:: EXTRACTED RECORDS ::
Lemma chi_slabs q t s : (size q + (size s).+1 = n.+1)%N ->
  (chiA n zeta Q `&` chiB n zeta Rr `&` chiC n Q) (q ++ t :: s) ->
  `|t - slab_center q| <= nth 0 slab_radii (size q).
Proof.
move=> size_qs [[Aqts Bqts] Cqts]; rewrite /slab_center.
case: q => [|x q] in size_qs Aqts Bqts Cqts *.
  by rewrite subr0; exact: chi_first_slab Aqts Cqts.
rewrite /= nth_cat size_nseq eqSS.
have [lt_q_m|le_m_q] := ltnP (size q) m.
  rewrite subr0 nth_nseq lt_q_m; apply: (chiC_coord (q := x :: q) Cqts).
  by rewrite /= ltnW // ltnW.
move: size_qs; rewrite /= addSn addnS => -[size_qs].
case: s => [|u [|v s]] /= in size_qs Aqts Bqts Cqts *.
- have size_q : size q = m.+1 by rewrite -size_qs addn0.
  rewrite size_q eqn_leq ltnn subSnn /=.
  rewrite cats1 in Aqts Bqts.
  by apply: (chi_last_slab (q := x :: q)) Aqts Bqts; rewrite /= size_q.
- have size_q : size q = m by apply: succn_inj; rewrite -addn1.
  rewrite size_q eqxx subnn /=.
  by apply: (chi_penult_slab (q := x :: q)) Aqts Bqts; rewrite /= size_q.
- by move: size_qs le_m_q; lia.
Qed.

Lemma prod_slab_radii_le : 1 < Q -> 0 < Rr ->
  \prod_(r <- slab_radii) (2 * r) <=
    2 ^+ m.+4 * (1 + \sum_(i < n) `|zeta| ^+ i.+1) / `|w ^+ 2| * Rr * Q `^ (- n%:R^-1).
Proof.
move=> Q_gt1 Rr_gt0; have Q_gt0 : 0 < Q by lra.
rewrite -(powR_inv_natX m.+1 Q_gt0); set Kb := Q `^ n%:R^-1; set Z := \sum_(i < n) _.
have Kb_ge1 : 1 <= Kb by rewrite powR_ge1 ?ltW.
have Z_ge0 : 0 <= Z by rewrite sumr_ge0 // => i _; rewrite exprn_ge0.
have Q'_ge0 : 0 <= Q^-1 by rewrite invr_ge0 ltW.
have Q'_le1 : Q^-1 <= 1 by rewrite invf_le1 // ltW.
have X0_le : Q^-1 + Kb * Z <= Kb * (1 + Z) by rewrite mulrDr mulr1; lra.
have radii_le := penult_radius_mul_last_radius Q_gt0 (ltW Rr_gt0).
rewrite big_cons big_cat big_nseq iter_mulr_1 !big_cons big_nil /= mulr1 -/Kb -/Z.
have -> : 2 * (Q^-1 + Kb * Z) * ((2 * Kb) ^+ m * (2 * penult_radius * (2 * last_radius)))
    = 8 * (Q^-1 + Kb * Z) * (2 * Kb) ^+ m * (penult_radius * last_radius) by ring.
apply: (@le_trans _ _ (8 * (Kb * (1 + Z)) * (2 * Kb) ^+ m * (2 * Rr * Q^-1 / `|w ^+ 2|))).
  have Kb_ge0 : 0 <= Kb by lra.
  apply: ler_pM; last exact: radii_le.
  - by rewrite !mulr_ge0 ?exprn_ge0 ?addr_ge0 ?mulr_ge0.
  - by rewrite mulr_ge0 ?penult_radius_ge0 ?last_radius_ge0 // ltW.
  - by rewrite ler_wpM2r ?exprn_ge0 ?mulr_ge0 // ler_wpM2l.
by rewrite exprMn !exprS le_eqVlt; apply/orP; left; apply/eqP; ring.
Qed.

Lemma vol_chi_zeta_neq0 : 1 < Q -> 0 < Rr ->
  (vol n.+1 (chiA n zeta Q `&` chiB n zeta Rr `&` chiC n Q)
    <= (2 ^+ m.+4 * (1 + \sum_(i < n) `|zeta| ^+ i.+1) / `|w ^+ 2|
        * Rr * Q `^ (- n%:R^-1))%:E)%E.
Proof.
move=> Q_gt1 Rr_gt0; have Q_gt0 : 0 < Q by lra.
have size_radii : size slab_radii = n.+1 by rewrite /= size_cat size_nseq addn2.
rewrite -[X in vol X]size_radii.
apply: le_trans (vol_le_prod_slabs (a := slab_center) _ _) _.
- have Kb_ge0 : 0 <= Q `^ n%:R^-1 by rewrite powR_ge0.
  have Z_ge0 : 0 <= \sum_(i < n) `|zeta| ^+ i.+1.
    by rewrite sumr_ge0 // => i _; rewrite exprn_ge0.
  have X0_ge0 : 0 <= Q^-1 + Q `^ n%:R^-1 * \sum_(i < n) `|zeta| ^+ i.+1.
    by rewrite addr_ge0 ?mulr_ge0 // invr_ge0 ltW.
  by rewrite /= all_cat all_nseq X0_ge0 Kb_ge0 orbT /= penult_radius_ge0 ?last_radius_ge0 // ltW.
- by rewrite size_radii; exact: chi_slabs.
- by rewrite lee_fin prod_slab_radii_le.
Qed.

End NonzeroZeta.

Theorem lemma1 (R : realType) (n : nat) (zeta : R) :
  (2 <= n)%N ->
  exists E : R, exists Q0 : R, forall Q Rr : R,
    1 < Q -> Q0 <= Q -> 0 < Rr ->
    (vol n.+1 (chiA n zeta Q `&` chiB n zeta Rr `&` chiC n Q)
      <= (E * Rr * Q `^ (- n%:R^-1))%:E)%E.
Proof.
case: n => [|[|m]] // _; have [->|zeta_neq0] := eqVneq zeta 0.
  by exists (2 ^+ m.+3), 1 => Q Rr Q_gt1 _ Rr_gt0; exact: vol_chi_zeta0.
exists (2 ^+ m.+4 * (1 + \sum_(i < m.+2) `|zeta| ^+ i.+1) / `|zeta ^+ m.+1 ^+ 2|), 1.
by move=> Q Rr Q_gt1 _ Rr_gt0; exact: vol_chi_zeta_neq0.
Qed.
:::
:: EXTRACTED RECORDS ::
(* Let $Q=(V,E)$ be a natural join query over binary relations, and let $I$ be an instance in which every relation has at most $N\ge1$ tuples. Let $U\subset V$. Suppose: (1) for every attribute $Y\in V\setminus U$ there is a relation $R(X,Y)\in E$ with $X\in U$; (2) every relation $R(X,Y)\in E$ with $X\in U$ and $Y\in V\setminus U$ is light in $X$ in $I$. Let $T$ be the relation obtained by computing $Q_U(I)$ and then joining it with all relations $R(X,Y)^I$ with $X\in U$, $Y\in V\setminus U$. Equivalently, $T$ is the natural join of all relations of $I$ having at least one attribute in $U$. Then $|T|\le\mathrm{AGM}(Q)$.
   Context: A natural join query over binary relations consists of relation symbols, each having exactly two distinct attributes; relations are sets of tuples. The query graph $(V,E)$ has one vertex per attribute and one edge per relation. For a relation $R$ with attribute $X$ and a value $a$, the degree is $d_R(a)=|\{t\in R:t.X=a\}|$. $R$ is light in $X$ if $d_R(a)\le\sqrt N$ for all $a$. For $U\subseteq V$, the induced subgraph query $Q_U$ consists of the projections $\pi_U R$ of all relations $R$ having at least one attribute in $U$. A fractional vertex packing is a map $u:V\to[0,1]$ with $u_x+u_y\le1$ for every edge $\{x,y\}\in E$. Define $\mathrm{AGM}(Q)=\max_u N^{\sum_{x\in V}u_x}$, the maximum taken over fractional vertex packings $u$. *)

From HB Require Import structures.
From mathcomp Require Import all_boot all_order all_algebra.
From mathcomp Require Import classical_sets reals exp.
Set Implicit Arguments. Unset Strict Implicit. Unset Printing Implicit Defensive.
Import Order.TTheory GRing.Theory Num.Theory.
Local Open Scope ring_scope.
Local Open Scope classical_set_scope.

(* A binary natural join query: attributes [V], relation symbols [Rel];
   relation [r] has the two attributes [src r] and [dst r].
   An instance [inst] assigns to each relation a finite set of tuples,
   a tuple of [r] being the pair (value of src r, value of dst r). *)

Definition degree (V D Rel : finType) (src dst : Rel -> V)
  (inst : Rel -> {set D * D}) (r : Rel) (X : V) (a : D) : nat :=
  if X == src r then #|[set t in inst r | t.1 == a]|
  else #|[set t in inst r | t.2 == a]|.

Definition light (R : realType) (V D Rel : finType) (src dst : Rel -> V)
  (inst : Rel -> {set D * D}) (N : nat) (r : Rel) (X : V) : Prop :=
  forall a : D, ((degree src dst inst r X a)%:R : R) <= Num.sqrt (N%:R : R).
:::
* **REQUIRED WORK**: The lines of the records that contain the string "light" should be located and copied.

* **FINAL ANSWER**:
(* Let $Q=(V,E)$ be a natural join query over binary relations, and let $I$ be an instance in which every relation has at most $N\ge1$ tuples. Let $U\subset V$. Suppose: (1) for every attribute $Y\in V\setminus U$ there is a relation $R(X,Y)\in E$ with $X\in U$; (2) every relation $R(X,Y)\in E$ with $X\in U$ and $Y\in V\setminus U$ is light in $X$ in $I$. Let $T$ be the relation obtained by computing $Q_U(I)$ and then joining it with all relations $R(X,Y)^I$ with $X\in U$, $Y\in V\setminus U$. Equivalently, $T$ is the natural join of all relations of $I$ having at least one attribute in $U$. Then $|T|\le\mathrm{AGM}(Q)$.
   Context: A natural join query over binary relations consists of relation symbols, each having exactly two distinct attributes; relations are sets of tuples. The query graph $(V,E)$ has one vertex per attribute and one edge per relation. For a relation $R$ with attribute $X$ and a value $a$, the degree is $d_R(a)=|\{t\in R:t.X=a\}|$. $R$ is light in $X$ if $d_R(a)\le\sqrt N$ for all $a$. For $U\subseteq V$, the induced subgraph query $Q_U$ consists of the projections $\pi_U R$ of all relations $R$ having at least one attribute in $U$. A fractional vertex packing is a map $u:V\to[0,1]$ with $u_x+u_y\le1$ for every edge $\{x,y\}\in E$. Define $\mathrm{AGM}(Q)=\max_u N^{\sum_{x\in V}u_x}$, the maximum taken over fractional vertex packings $u$. *)
Definition light (R : realType) (V D Rel : finType) (src dst : Rel -> V)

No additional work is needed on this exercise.